**GOAL OF THE EXERCISE:** Find the line below that contains "have ub_trunc := utility_le_own_direct_optimum". Transcribe it and every line after it exactly, adding nothing.

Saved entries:
Theorem propositionC1 (R : realType) (T : finType) (n k : nat)
  (Hk2 : (2 <= k)%N) (Hkn : (k <= n)%N)
  (q : {ffun 'I_n -> T} -> R) (rho xi : T -> R) :
  is_distr q -> symmetric_instance q ->
  exists psi : {ffun 'I_k -> T} -> 'I_k -> R,
    let phi := fun th : {ffun 'I_n -> T} => psi (restrict Hkn th) in
    [/\ persuasive q rho (widen_ord Hkn) phi,
        optimal q rho xi phi,
        persuasive (marginal Hkn q) rho id psi,
        optimal (marginal Hkn q) rho xi psi &
        sender_utility q rho xi phi = sender_utility (marginal Hkn q) rho xi psi].
Proof.
move=> [q_ge0 _] q_sym; have k_gt0 : (0 < k)%N := ltnW Hk2.
pose q' := marginal Hkn q.
have q'_ge0 := marginal_ge0 Hkn q_ge0; have q'_sym := marginal_symmetric Hkn q_sym.
(* V is the value of psi0; its symmetrization psi is the common optimum. *)
have [psi0 psi0_opt] := exists_direct_optimal_truncation Hkn k_gt0 rho xi q_ge0 q_sym.
have [psi0_sch psi0_pers _] := psi0_opt.
pose psi := symmetrize psi0; have psi_sch : is_scheme psi := symmetrize_scheme psi0_sch.
have psi_pers : direct_persuasive q' rho psi := symmetrize_persuasive q'_sym psi0_pers.
have full_pers := symmetrize_full_persuasive q_sym psi0_sch psi_pers.
(* No scheme of either instance exceeds V, and psi attains V in both. *)
have ub_full := utility_le_direct_optimum k_gt0 q_ge0 q_sym psi0_opt.
have ub_trunc := utility_le_own_direct_optimum k_gt0 q'_ge0 q'_sym psi0_opt.
have lb_full :
    direct_value q' xi psi0 <= sender_utility q rho xi (fun th => psi (restrict Hkn th)).
  rewrite -(symmetrize_value psi0 q'_sym) /direct_value.
  under eq_bigr do rewrite -sig_weight_restrict.
  exact: recommended_weight_le_utility.
have lb_trunc : direct_value q' xi psi0 <= sender_utility q' rho xi psi.
  by rewrite -(symmetrize_value psi0 q'_sym); exact: recommended_weight_le_utility.
have [opt_full utility_full] :=
  optimal_of_upper_bound (scheme_precompose (restrict Hkn) psi_sch) ub_full lb_full.
have [opt_trunc utility_trunc] := optimal_of_upper_bound psi_sch ub_trunc lb_trunc.
exists psi; split.
- by move=> s _ b; exact: full_pers.
- exact: opt_full.
- by move=> s _ b; exact: psi_pers.
- exact: opt_trunc.
- by rewrite utility_full utility_trunc.
Qed.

**WRITTEN SOLUTION:**
have ub_trunc := utility_le_own_direct_optimum k_gt0 q'_ge0 q'_sym psi0_opt.
have lb_full :
    direct_value q' xi psi0 <= sender_utility q rho xi (fun th => psi (restrict Hkn th)).
  rewrite -(symmetrize_value psi0 q'_sym) /direct_value.
  under eq_bigr do rewrite -sig_weight_restrict.
  exact: recommended_weight_le_utility.
have lb_trunc : direct_value q' xi psi0 <= sender_utility q' rho xi psi.
  by rewrite -(symmetrize_value psi0 q'_sym); exact: recommended_weight_le_utility.
have [opt_full utility_full] :=
  optimal_of_upper_bound (scheme_precompose (restrict Hkn) psi_sch) ub_full lb_full.
have [opt_trunc utility_trunc] := optimal_of_upper_bound psi_sch ub_trunc lb_trunc.
exists psi; split.
- by move=> s _ b; exact: full_pers.
- exact: opt_full.
- by move=> s _ b; exact: psi_pers.
- exact: opt_trunc.
- by rewrite utility_full utility_trunc.
Qed.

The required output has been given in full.